I've got the final bits to work today, I can do async crypto now.
I can push the patches to a public tree after some polishing.
But I have to warn, it has still bugs and no usefull commit messages.

I did a first test with forwaring esp in tunnel mode. The crypto
algorithm I used was:

pcrypt(echainiv(authenc(hmac(sha1-ssse3),cbc-aes-aesni)))

Result:

iperf -c 10.0.0.12 -t 60
------------------------------------------------------------
Client connecting to 10.0.0.12, TCP port 5001
TCP window size: 45.0 KByte (default)
------------------------------------------------------------
[ 3] local 192.168.0.12 port 39380 connected with 10.0.0.12 port 5001
[ ID] Interval Transfer Bandwidth
[ 3] 0.0-60.0 sec 32.8 GBytes 4.70 Gbits/sec

I provide more informatios as soon as the code is available.

>
> > Another thing, I thought about setting up an IPsec BoF/workshop at
> > netdev1.1. My main topic is GRO/GSO for IPsec. I'll send out a mail
> > to the list later this week to see if there is enough interest and
> > maybe some additional topics.
>
> Sounds like an excellent idea. I'm certainly interested.

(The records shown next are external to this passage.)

(* Let $s\ge1$ and $n_1\ge n_2\ge\dots\ge n_s>0$ be integers. Let $\mathfrak g$ be the complex vector space with basis $e_0,f_0,e^i_j,f^i_j$ ($i=1,\dots,s$, $j=1,\dots,n_i$), set $e^i_0=e_0$, $f^i_0=f_0$ for all $i$, and define a bracket by $[e^i_j,f^i_k]=e^i_{j-k}$ for $0\le k\le j\le n_i$, all other brackets of basis elements (not determined by these relations and antisymmetry) being zero. Then $\mathfrak g$ is a Lie algebra, and its Jordan–Kronecker invariants consist of the single Jordan tuple $J_\lambda(2n_1+2,2n_2,\dots,2n_s)$ (and no Kronecker blocks).
   Context: For a finite-dimensional complex Lie algebra $\mathfrak g$ and $x\in\mathfrak g^*$, let $\mathcal A_x$ be the skew form $(\xi,\eta)\mapsto\langle x,[\xi,\eta]\rangle$. By the Jordan–Kronecker theorem, a pair of skew forms on a finite-dimensional complex vector space admits a basis in which both are block-diagonal with blocks of types: Jordan $2n\times2n$ blocks with eigenvalue $\mu\in\mathbb C\cup\{\infty\}$ ($A_i=\begin{pmatrix}0&J_\mu\\-J_\mu^T&0\end{pmatrix}$, $B_i=\begin{pmatrix}0&I_n\\-I_n&0\end{pmatrix}$), and Kronecker $(2k-1)\times(2k-1)$ blocks; block data grouped by eigenvalue are unique. The JK invariants of $\mathfrak g$ are the Kronecker sizes and Jordan tuples $J_{\lambda_i}(2n_{i1},\dots,2n_{is_i})$ (sizes of Jordan blocks with a common eigenvalue $\lambda_i$, in decreasing order) of $(\mathcal A_x,\mathcal A_a)$ for $(x,a)$ in a nonempty Zariski open subset of $\mathfrak g^*\times\mathfrak g^*$ where these are constant. *)

(* C is modelled as  R[i] = complex R  for an arbitrary
   R : realType (every realType is isomorphic to the reals). *)
From HB Require Import structures.
From mathcomp Require Import all_boot all_order all_algebra.
From mathcomp Require Import reals complex.
From mathcomp Require Import mpoly.
Set Implicit Arguments. Unset Strict Implicit. Unset Printing Implicit Defensive.
Import GRing.Theory Num.Theory.
Local Open Scope ring_scope.

(* Jor (Some mu) n : Jordan 2n x 2n block with eigenvalue mu;
   Jor None n      : Jordan 2n x 2n block with eigenvalue infinity;
   Kro k           : Kronecker (2k+1) x (2k+1) block (k >= 0). *)
Inductive jkblock (F : Type) := Jor of option F & nat | Kro of nat.

Section JK.
Variable F : fieldType.

Definition bsize (b : jkblock F) : nat :=
  match b with Jor _ n => n + n | Kro k => k + k.+1 end.

Definition jblk (mu : F) (n : nat) : 'M[F]_n :=
  \matrix_(i, j) (if (i == j :> nat) then mu
                  else if (j == i.+1 :> nat) then 1 else 0).

Definition pairblk m k (M : 'M[F]_(m, k)) : 'M[F]_(m + k) :=
  block_mx 0 M (- M^T) 0.

Definition kro1 k : 'M[F]_(k, k.+1) := \matrix_(i, j) (i == j :> nat)%:R.
Definition kro2 k : 'M[F]_(k, k.+1) := \matrix_(i, j) (j == i.+1 :> nat)%:R.

Definition blockA (b : jkblock F) : 'M[F]_(bsize b) :=
  match b return 'M[F]_(bsize b) with
  | Jor (Some mu) n => pairblk (jblk mu n)
  | Jor None n => pairblk (1%:M : 'M[F]_n)
  | Kro k => pairblk (kro1 k)
  end.

Definition blockB (b : jkblock F) : 'M[F]_(bsize b) :=
  match b return 'M[F]_(bsize b) with
  | Jor (Some mu) n => pairblk (1%:M : 'M[F]_n)
  | Jor None n => pairblk (jblk 0 n)
  | Kro k => pairblk (kro2 k)
  end.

Great, than we are at least two :)

2015-12-03 11:38:26

by Sowmini Varadhan

[permalink] [raw]
Subject: Re: ipsec impact on performance

On (12/03/15 09:45), Steffen Klassert wrote:
> pcrypt(echainiv(authenc(hmac(sha1-ssse3),cbc-aes-aesni)))
>
> Result:
>
> iperf -c 10.0.0.12 -t 60
> ------------------------------------------------------------
> Client connecting to 10.0.0.12, TCP port 5001
> TCP window size: 45.0 KByte (default)
> ------------------------------------------------------------
> [ 3] local 192.168.0.12 port 39380 connected with 10.0.0.12 port 5001
> [ ID] Interval Transfer Bandwidth
> [ 3] 0.0-60.0 sec 32.8 GBytes 4.70 Gbits/sec
>
> I provide more informatios as soon as the code is available.

that's pretty good compared to the baseline.
I'd like to try out our patches, when they are ready.

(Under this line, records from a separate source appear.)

Lemma step_bound_of_semi1h n N Or v C k i : (1 <= N)%nat -> 0 <= C ->
  semi1h n N Or v <= C * Rpower (hN N) (2 + INR n / 2) -> Omr0 n N Or k -> (i < n)%nat ->
  Rabs (v (shift k i 1%Z) - v k) <= C * hN N ^ 3.
Proof.
  intros HN HC Hsemi Hk Hi. pose proof (hN_pos N HN) as Hh.
  assert (Hhn : 0 < hN N ^ n) by (apply pow_lt, Hh).
  assert (Hsq : hN N ^ n * dplus N v i k ^ 2 <= hN N ^ n * (C * hN N ^ 2) ^ 2).
  { eapply Rle_trans; [apply dplus_sq_le_semi1h; [lra|exact Hk|exact Hi]|].
    eapply Rle_trans; [apply pow_incr; split; [apply sqrt_pos|exact Hsemi]|].
    rewrite Rpow_mult_distr, Rpower_sq by exact Hh. right. ring. }
  apply Rmult_le_reg_l in Hsq; [|exact Hhn].
  assert (Hd : Rabs (dplus N v i k) <= C * hN N ^ 2).
  { rewrite <- (Rabs_pos_eq (C * hN N ^ 2)) by (apply Rmult_le_pos; [exact HC|apply pow_le; lra]).
    apply Rsqr_le_abs_0. unfold Rsqr. simpl in Hsq. lra. }
  replace (v (shift k i 1%Z) - v k) with (dplus N v i k * hN N) by (unfold dplus; field; lra).
  rewrite Rabs_mult, (Rabs_pos_eq (hN N)) by lra.
  replace (C * hN N ^ 3) with (C * hN N ^ 2 * hN N) by ring.
  apply Rmult_le_compat_r; lra.
Qed.

(* Walk from [k] along [e_0]: after at most [N] steps one reaches a point of
   dOmega_r^h, since a point of Omega_{r,0}^h has its [e_0]-neighbour in the grid. *)
Lemma Omrh_walk_bound n N Or (v : mesh) (delta : R) :
  (0 < n)%nat -> 0 <= delta ->
  (forall k, dOmrh n N Or k -> v k = 0) ->
  (forall k, Omr0 n N Or k -> Rabs (v (shift k 0 1%Z) - v k) <= delta) ->
  forall k, Omrh n N Or k -> Rabs (v k) <= INR N * delta.
Proof.
  intros Hn Hdelta Hzero Hstep.
  assert (Hwalk : forall m k, Omrh n N Or k -> (Z.of_nat N - nth 0 k 0 <= Z.of_nat m)%Z ->
                    Rabs (v k) <= INR m * delta).
  { induction m as [|m IH]; intros k Hk Hm;
      (destruct (classic (Omr0 n N Or k)) as [Hr|Hr];
       [|rewrite Hzero by (split; assumption); rewrite Rabs_R0;
         apply Rmult_le_pos; [apply pos_INR|exact Hdelta]]).
    - exfalso. destruct (proj2 Hr 0%nat 0%nat Hn Hn) as [[[_ HF] _] _].
      destruct k as [|z k]; [destruct Hk as [[Hlen _] _]; simpl in Hlen; lia|].
      inversion HF. simpl in Hm. lia.
    - destruct (proj2 Hr 0%nat 0%nat Hn Hn) as [Hnext _].
      assert (Hm' : (Z.of_nat N - nth 0 (shift k 0 1) 0 <= Z.of_nat m)%Z).
      { destruct k as [|z k]; [destruct Hk as [[Hlen _] _]; simpl in Hlen; lia|].
        simpl in *. lia. }
      specialize (IH _ Hnext Hm'). specialize (Hstep k Hr). rewrite S_INR.
      pose proof (Rabs_triang_inv (v k) (v (shift k 0 1))).
      rewrite Rabs_minus_sym in Hstep. lra. }
  intros k Hk. apply Hwalk; [exact Hk|].
  destruct Hk as [[Hlen HF] _]. destruct k as [|z k]; [simpl in Hlen; lia|].
  inversion HF. simpl. lia.
Qed.

Lemma regular_error_bound n N Or g u uh Cstar :
  (0 < n)%nat -> (1 <= N)%nat -> 0 <= Cstar ->
  in_Brho n N Or g u (Cstar * Rpower (hN N) (2 + INR n / 2)) uh ->
  forall k, Omrh n N Or k -> Rabs (uh k - rh N u k) <= Cstar.
Proof.
  intros Hn HN HC [Hsemi [_ Hregbd]] k Hk. pose proof (hN_pos N HN) as Hh.
  eapply Rle_trans.
  - apply (Omrh_walk_bound n N Or (fun p => uh p - rh N u p) (Cstar * hN N ^ 3) Hn);
      [apply Rmult_le_pos; [exact HC|apply pow_le; lra]
      | intros p Hp; rewrite Hregbd by exact Hp; ring
      | intros p Hp; exact (step_bound_of_semi1h n N Or _ Cstar p 0 HN HC Hsemi Hp Hn)
      | exact Hk].
  - replace (INR N * (Cstar * hN N ^ 3)) with (Cstar * hN N ^ 2 * (INR N * hN N)) by ring.
    rewrite INR_mul_hN by exact HN.
    assert (Hh1 : hN N <= 1).
    { pose proof (INR_mul_hN N HN). pose proof (le_INR 1 N HN). simpl in *. nra. }
    assert (hN N ^ 2 <= 1) by (rewrite <- (pow1 2); apply pow_incr; lra). nra.
Qed.

Lemma off_singular_bound n N Or g u uh Cstar Bu :
  (0 < n)%nat -> (1 <= N)%nat -> 0 <= Cstar ->
  (forall x, cube_closed n x -> Rabs (u x) <= Bu) -> (forall x, cube_bdry n x -> u x = g x) ->
  in_Brho n N Or g u (Cstar * Rpower (hN N) (2 + INR n / 2)) uh ->
  forall k, Omh n N k -> ~ Oms n N Or k -> Rabs (uh k) <= Bu + Cstar.
Proof.
  intros Hn HN HC Hu Hug HB k Hk Hns.
  pose proof (Hu _ (Omh_cube_closed n N k HN Hk)) as Huk.
  destruct (classic (Omh0 n N k)) as [Hk0|Hk0].
  - assert (Hr : Omr0 n N Or k) by (apply NNPP; intro Hr; apply Hns; split; assumption).
    pose proof (regular_error_bound n N Or g u uh Cstar Hn HN HC HB k (proj1 Hr)).
    pose proof (Rabs_triang (uh k - rh N u k) (rh N u k)). unfold rh in *.
    replace (uh k - u (xpt N k) + u (xpt N k)) with (uh k) in * by ring. lra.
  - destruct HB as [_ [Hbd _]]. rewrite Hbd by (split; assumption). unfold rh.
    rewrite <- Hug by (apply dOmh_cube_bdry; [exact HN|split; assumption]). lra.
Qed.

Lemma Fh_singular n N Or f v k :
  Oms n N Or k -> Fh n N Or f v k = 0 -> Ms_plus n N v k = f (xpt N k).
Proof.
  intros Hk HF. unfold Fh in HF.
  destruct (excluded_middle_informative _); [lra|contradiction].
Qed.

I think you may get some more improvement if you manually pin the irq
and iperf to specific cpus (at least that was my observation for transp
mode)

--Sowmini

2015-12-03 11:47:23

by Steffen Klassert

[permalink] [raw]
Subject: Re: ipsec impact on performance

On Thu, Dec 03, 2015 at 06:38:20AM -0500, Sowmini Varadhan wrote:
> On (12/03/15 09:45), Steffen Klassert wrote:
> > pcrypt(echainiv(authenc(hmac(sha1-ssse3),cbc-aes-aesni)))
> >
> > Result:
> >
> > iperf -c 10.0.0.12 -t 60
> > ------------------------------------------------------------
> > Client connecting to 10.0.0.12, TCP port 5001
> > TCP window size: 45.0 KByte (default)
> > ------------------------------------------------------------
> > [ 3] local 192.168.0.12 port 39380 connected with 10.0.0.12 port 5001
> > [ ID] Interval Transfer Bandwidth
> > [ 3] 0.0-60.0 sec 32.8 GBytes 4.70 Gbits/sec
> >
> > I provide more informatios as soon as the code is available.
>
> that's pretty good compared to the baseline.
> I'd like to try out our patches, when they are ready.
>
> I think you may get some more improvement if you manually pin the irq
> and iperf to specific cpus (at least that was my observation for transp
> mode)

I do that already. I have dedicated crypto and IO cpus, 2 cpus
do networking IO and 4 cpus do crypto (parallelized with pcrypt).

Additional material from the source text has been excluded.